▼
(* Let $(G,\cdot)$ be a group and $\psi\in\operatorname{End}(G,\cdot)$. (1) If $\psi([\psi(G),G])\le Z(G,\cdot)$, then each of the following maps $G\times G\to G\times G$ defines a set-theoretic non-degenerate solution of the Yang--Baxter equation on $G$: $$r_1(g,h)=\big(\psi(g)\,h\,\psi(g)^{-1},\ \psi(h^{-1}g)\,h^{-1}\psi(g)^{-1}g\,\psi(g)\,h\,\psi(g^{-1}h)\big);$$ $$r_2(g,h)=\big(g\,\psi(g)\,h\,\psi(g)^{-1}g^{-1},\ \psi(g h^{-1}g^{-1})\,g\,\psi(g h g^{-1})\big).$$ These two are mutually inverse and coincide if and only if $(G,\cdot)$ is abelian. (2) If moreover $\psi([G,G])\le Z(G,\cdot)$, then also $$r_3(g,h)=\big(\psi(g)^{-1}h\,\psi(g),\ \psi(g)^{-1}h^{-1}\psi(g)\,g\,h\big);$$ $$r_4(g,h)=\big(g\,h\,\psi(h)\,g^{-1}\psi(h)^{-1},\ \psi(h)\,g\,\psi(h)^{-1}\big)$$ define set-theoretic non-degenerate solutions of the Yang--Baxter equation; they are mutually inverse and coincide if and only if $g\,\psi(g)\,h\,\psi(g)^{-1}=h\,\psi(h)\,g\,\psi(h)^{-1}$ for all $g,h\in G$.
   Context: All products are in $(G,\cdot)$; $\psi(G)$ is the image of $\psi$; $[x,y]=xyx^{-1}y^{-1}$ and $[A,B]$ is the subgroup generated by $[a,b]$, $a\in A,b\in B$; $Z(G,\cdot)$ is the centre. A set-theoretic solution of the Yang--Baxter equation is a pair $(X,r)$ with $X\neq\emptyset$ and $r\colon X\times X\to X\times X$, $r(x,y)=(\sigma_x(y),\tau_y(x))$, a bijection satisfying $(r\times\mathrm{id}_X)(\mathrm{id}_X\times r)(r\times\mathrm{id}_X)=(\mathrm{id}_X\times r)(r\times\mathrm{id}_X)(\mathrm{id}_X\times r)$; it is non-degenerate if all $\sigma_x$ and $\tau_x$ are bijective. *)

From Stdlib Require Import ssreflect ssrfun.

Record group := Group {
  carrier :> Type;
  gmul : carrier -> carrier -> carrier;
  ginv : carrier -> carrier;
  gone : carrier;
  gmulA : forall x y z, gmul x (gmul y z) = gmul (gmul x y) z;
  gmul1g : forall x, gmul gone x = x;
  gmulg1 : forall x, gmul x gone = x;
  gmulVg : forall x, gmul (ginv x) x = gone;
  gmulgV : forall x, gmul x (ginv x) = gone
}.

Declare Scope grp_scope.
Delimit Scope grp_scope with grp.
Notation "x * y" := (gmul _ x y) : grp_scope.
Notation "x ^-1" := (ginv _ x) : grp_scope.
Notation "1" := (gone _) : grp_scope.
Local Open Scope grp_scope.

Section Defs.
Variable G : group.

Definition is_endo (psi : G -> G) : Prop :=
  forall x y : G, psi (x * y) = psi x * psi y.

Definition gcomm (x y : G) : G := x * y * x^-1 * y^-1.

Inductive gen (S : G -> Prop) : G -> Prop :=
  | gen_in x : S x -> gen S x
  | gen_one : gen S 1
  | gen_mul x y : gen S x -> gen S y -> gen S (x * y)
  | gen_inv x : gen S x -> gen S (x^-1).

Definition comm_subgroup (A B : G -> Prop) : G -> Prop :=
  gen (fun x => exists a b, A a /\ B b /\ x = gcomm a b).

Definition image (psi : G -> G) : G -> Prop := fun y => exists x, y = psi x.
Definition whole : G -> Prop := fun _ => True.

Definition center : G -> Prop := fun z => forall y : G, z * y = y * z.

Definition abelian : Prop := forall x y : G, x * y = y * x.

Definition maps_into_center (psi : G -> G) (H : G -> Prop) : Prop :=
  forall x, H x -> center (psi x).

End Defs.

Section YBE.
Variable X : Type.

Definition r12 (r : X * X -> X * X) (t : X * X * X) : X * X * X :=
  let '(x, y, z) := t in let '(a, b) := r (x, y) in (a, b, z).
Definition r23 (r : X * X -> X * X) (t : X * X * X) : X * X * X :=
  let '(x, y, z) := t in let '(b, c) := r (y, z) in (x, b, c).

Definition braid_eq (r : X * X -> X * X) : Prop :=
  forall t, r12 r (r23 r (r12 r t)) = r23 r (r12 r (r23 r t)).

Definition sigma (r : X * X -> X * X) (x : X) : X -> X := fun y => fst (r (x, y)).
Definition tau (r : X * X -> X * X) (y : X) : X -> X := fun x => snd (r (x, y)).

(* X is nonempty automatically once r is given on a group; we keep the
   paper's definition: bijective r satisfying the braid equation *)
Definition is_solution (r : X * X -> X * X) : Prop :=
  inhabited X /\ bijective r /\ braid_eq r.

Definition nondegenerate (r : X * X -> X * X) : Prop :=
  (forall x, bijective (sigma r x)) /\ (forall y, bijective (tau r y)).

Definition nd_solution (r : X * X -> X * X) : Prop :=
  is_solution r /\ nondegenerate r.

Definition mutually_inverse (r s : X * X -> X * X) : Prop :=
  (forall p, r (s p) = p) /\ (forall p, s (r p) = p).

Definition coincide (r s : X * X -> X * X) : Prop := forall p, r p = s p.
End YBE.

Section Maps.
Variables (G : group) (psi : G -> G).

Definition r1 (p : G * G) : G * G :=
  let '(g, h) := p in
  (psi g * h * (psi g)^-1,
   psi (h^-1 * g) * h^-1 * (psi g)^-1 * g * psi g * h * psi (g^-1 * h)).

Definition r2 (p : G * G) : G * G :=
  let '(g, h) := p in
  (g * psi g * h * (psi g)^-1 * g^-1,
   psi (g * h^-1 * g^-1) * g * psi (g * h * g^-1)).

Definition r3 (p : G * G) : G * G :=
  let '(g, h) := p in
  ((psi g)^-1 * h * psi g,
   (psi g)^-1 * h^-1 * psi g * g * h).

Definition r4 (p : G * G) : G * G :=
  let '(g, h) := p in
  (g * h * psi h * g^-1 * (psi h)^-1,
   psi h * g * (psi h)^-1).
End Maps.

(* The proof goes through skew braces.  For a skew brace (G, *, ∘) put
   λ_a(b) = a^-1 (a ∘ b); then r_B(a, b) = (λ_a(b), bar(λ_a(b)) ∘ a ∘ b), where
   bar is the ∘-inverse, is a non-degenerate solution (Guarnieri--Vendramin);
   the solution of the opposite brace (G, *^op, ∘) is its inverse, and the two
   coincide exactly when (G, * ) is abelian.
   If ψ([ψ(G), G]) is central, a ∘ b = a ψ(a) b ψ(a)^-1 makes (G, *, ∘) a skew
   brace with r1 = r_B and r2 = r_{B^op}.  If moreover ψ([G, G]) is central,
   the roles of the two operations can be exchanged: (G, ∘, * ) is a skew brace
   B' with r3 = r_{B'} and r4 = r_{B'^op}, and (G, ∘) is abelian exactly under
   the stated commutation condition. *)

From Stdlib Require Import ssreflect ssrfun List Permutation Arith Bool.
From Stdlib Require Import FunctionalExtensionality.
Import ListNotations.

Section WordNormalization.
Variables (A : Type) (mul : A -> A -> A) (inv : A -> A) (one : A).
Hypotheses (mulA : forall x y z, mul x (mul y z) = mul (mul x y) z)
  (mul1x : forall x, mul one x = x) (mulx1 : forall x, mul x one = x)
  (mulVx : forall x, mul (inv x) x = one) (mulxV : forall x, mul x (inv x) = one).

Inductive term := Atom (n : nat) | Mul (s t : term) | Inv (t : term) | One.

Variable env : list A.
Definition atom (n : nat) : A := nth n env one.
Fixpoint eval (t : term) : A :=
  match t with
  | Atom n => atom n | Mul s t => mul (eval s) (eval t)
  | Inv t => inv (eval t) | One => one
  end.

Definition letter (x : nat * bool) : A :=
  if snd x then atom (fst x) else inv (atom (fst x)).
Fixpoint eval_word (w : list (nat * bool)) : A :=
  if w is x :: w' then mul (letter x) (eval_word w') else one.
Definition flip (x : nat * bool) : nat * bool := (fst x, negb (snd x)).
Fixpoint flatten (t : term) : list (nat * bool) :=
  match t with
  | Atom n => [(n, true)] | Mul s t => flatten s ++ flatten t
  | Inv t => rev (map flip (flatten t)) | One => nil
  end.

Lemma invK x : inv (inv x) = x.
Proof. by rewrite -[RHS]mul1x -(mulVx (inv x)) -mulA mulVx mulx1. Qed.

Lemma inv_mul x y : inv (mul x y) = mul (inv y) (inv x).
Proof.
have inv_unique u v : mul u v = one -> inv u = v.
  by move=> uv; rewrite -[LHS]mulx1 -uv mulA mulVx mul1x.
by apply: inv_unique; rewrite mulA -(mulA x) mulxV mulx1 mulxV.
Qed.

Lemma eval_word_cat u v : eval_word (u ++ v) = mul (eval_word u) (eval_word v).
Proof. by elim: u => [|x u IH] /=; rewrite ?mul1x // IH mulA. Qed.

Lemma eval_word_inv w : eval_word (rev (map flip w)) = inv (eval_word w).
Proof.
elim: w => [|[n b] w IH] /=; first by rewrite -[inv one]mul1x mulxV.
rewrite eval_word_cat IH /= mulx1 inv_mul /letter /=.
by case: b; rewrite ?invK.
Qed.

Lemma flatten_sound t : eval_word (flatten t) = eval t.
Proof.
elim: t => [n|s IHs t IHt|t IHt|] //=.
- by rewrite eval_word_cat IHs IHt.
- by rewrite eval_word_inv IHt.
Qed.

Definition cancels (x y : nat * bool) : bool :=
  Nat.eqb (fst x) (fst y) && xorb (snd x) (snd y).
Definition push (x : nat * bool) (w : list (nat * bool)) : list (nat * bool) :=
  if w is y :: w' then (if cancels x y then w' else x :: w) else [x].
Definition reduce (w : list (nat * bool)) : list (nat * bool) :=
  fold_right push nil w.

Lemma push_sound x w : eval_word (push x w) = mul (letter x) (eval_word w).
Proof.
case: w => [|[n' b'] w] //=; case: x => [n b].
case E: (cancels _ _) => //=; move: E; rewrite /cancels /=.
move/andb_true_iff => [/Nat.eqb_eq <-]; rewrite mulA /letter /=.
by case: b; case: b' => //= _; rewrite ?mulxV ?mulVx mul1x.
Qed.

Lemma reduce_sound w : eval_word (reduce w) = eval_word w.
Proof. by elim: w => [|x w IH] //=; rewrite push_sound IH. Qed.

(* Atoms whose indices lie in [central_atoms] are assumed to be central; their
   letters can be moved to the front of a word and sorted. *)
Variable central_atoms : list nat.
Hypothesis atoms_central :
  forall k, In k central_atoms -> forall y, mul (atom k) y = mul y (atom k).

Definition is_central (x : A) : Prop := forall y, mul x y = mul y x.
Definition central_letter (x : nat * bool) : bool :=
  existsb (Nat.eqb (fst x)) central_atoms.
Definition noncentral_letter (x : nat * bool) : bool := negb (central_letter x).

Lemma central_inv a : is_central a -> is_central (inv a).
Proof.
move=> Ha y; rewrite -[LHS]mulx1 -(mulxV a) mulA -(mulA _ y) -Ha.
by rewrite !mulA mulVx mul1x.
Qed.

Lemma central_letter_sound x : central_letter x = true -> is_central (letter x).
Proof.
case: x => n b /existsb_exists [k [Hk /Nat.eqb_eq /= Enk]]; subst k.
by case: b; last apply: central_inv; apply: atoms_central.
Qed.

Lemma central_word w :
  (forall x, In x w -> central_letter x = true) -> is_central (eval_word w).
Proof.
elim: w => [|x w IH] /= Hw y; first by rewrite mul1x mulx1.
have Hx : is_central (letter x) by apply: central_letter_sound; apply: Hw; left.
have Hw' : is_central (eval_word w) by apply: IH => z Hz; apply: Hw; right.
by rewrite -mulA Hw' mulA Hx -mulA.
Qed.

Lemma split_central_sound w :
  eval_word w =
  mul (eval_word (filter central_letter w)) (eval_word (filter noncentral_letter w)).
Proof.
elim: w => [|x w IH] /=; first by rewrite mul1x.
have Hc : is_central (eval_word (filter central_letter w)).
  by apply: central_word => y /filter_In [].
rewrite /noncentral_letter; case: (central_letter x) => /=; rewrite IH mulA //.
by rewrite -(Hc (letter x)) -mulA.
Qed.

Definition letter_le (x y : nat * bool) : bool :=
  Nat.ltb (fst x) (fst y) || (Nat.eqb (fst x) (fst y) && implb (snd x) (snd y)).
Fixpoint insert (x : nat * bool) (w : list (nat * bool)) : list (nat * bool) :=
  if w is y :: w' then (if letter_le x y then x :: w else y :: insert x w') else [x].
Fixpoint sort (w : list (nat * bool)) : list (nat * bool) :=
  if w is x :: w' then insert x (sort w') else nil.

Lemma sort_perm w : Permutation (sort w) w.
Proof.
have insert_perm x u : Permutation (insert x u) (x :: u).
  elim: u => [|y u IH] //=; case: (letter_le x y) => //.
  exact: perm_trans (perm_skip y IH) (perm_swap x y u).
elim: w => [|x w IH] //=.
exact: perm_trans (insert_perm _ _) (perm_skip x IH).
Qed.

Lemma perm_central_sound u v : Permutation u v ->
  (forall x, In x u -> central_letter x = true) -> eval_word u = eval_word v.
Proof.
elim => [|x u' v' _ IH|x y l|u' v' w' Huv IH1 _ IH2] //= Hu.
- by rewrite IH // => z Hz; apply: Hu; right.
- by rewrite !mulA central_letter_sound //; apply: Hu; left.
- rewrite IH1 // IH2 // => z Hz.
  by apply: Hu; apply: Permutation_in Hz; apply: Permutation_sym.
Qed.

Definition normal_form (w : list (nat * bool)) :
    list (nat * bool) * list (nat * bool) :=
  (reduce (sort (filter central_letter w)), reduce (filter noncentral_letter w)).

Lemma normal_form_sound w :
  eval_word w = mul (eval_word (fst (normal_form w))) (eval_word (snd (normal_form w))).
Proof.
rewrite /= !reduce_sound split_central_sound; congr mul.
apply: perm_central_sound; first exact: Permutation_sym (sort_perm _).
by move=> x /filter_In [].
Qed.

Theorem normal_form_eq s t :
  normal_form (flatten s) = normal_form (flatten t) -> eval s = eval t.
Proof.
by move=> E; rewrite -!flatten_sound normal_form_sound E -normal_form_sound.
Qed.
End WordNormalization.

Ltac list_mem x xs :=
  lazymatch xs with nil => false | cons x _ => true | cons _ ?xs' => list_mem x xs' end.
Ltac add_atom x xs :=
  let b := list_mem x xs in
  lazymatch b with true => xs | false => constr:(cons x xs) end.
Ltac collect_atoms mul inv one t xs :=
  lazymatch t with
  | mul ?a ?b => let xs := collect_atoms mul inv one a xs in collect_atoms mul inv one b xs
  | inv ?a => collect_atoms mul inv one a xs
  | one => xs
  | _ => add_atom t xs
  end.
Ltac atom_index x xs :=
  lazymatch xs with
  | cons x _ => constr:(O)
  | cons _ ?xs' => let n := atom_index x xs' in constr:(S n)
  end.
Ltac reify mul inv one xs t :=
  lazymatch t with
  | mul ?a ?b =>
      let ra := reify mul inv one xs a in let rb := reify mul inv one xs b in
      constr:(Mul ra rb)
  | inv ?a => let ra := reify mul inv one xs a in constr:(Inv ra)
  | one => constr:(One)
  | _ => let n := atom_index t xs in constr:(Atom n)
  end.
Ltac central_indices is_central_atom xs n :=
  lazymatch xs with
  | nil => constr:(@nil nat)
  | cons ?x ?xs' =>
      let r := central_indices is_central_atom xs' (S n) in
      let b := is_central_atom x in
      lazymatch b with true => constr:(cons n r) | false => r end
  end.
▲
Go through the material above, and wherever a line holds the word "gcomm", copy it.

Definition gcomm (x y : G) : G := x * y * x^-1 * y^-1.
  gen (fun x => exists a b, A a /\ B b /\ x = gcomm a b).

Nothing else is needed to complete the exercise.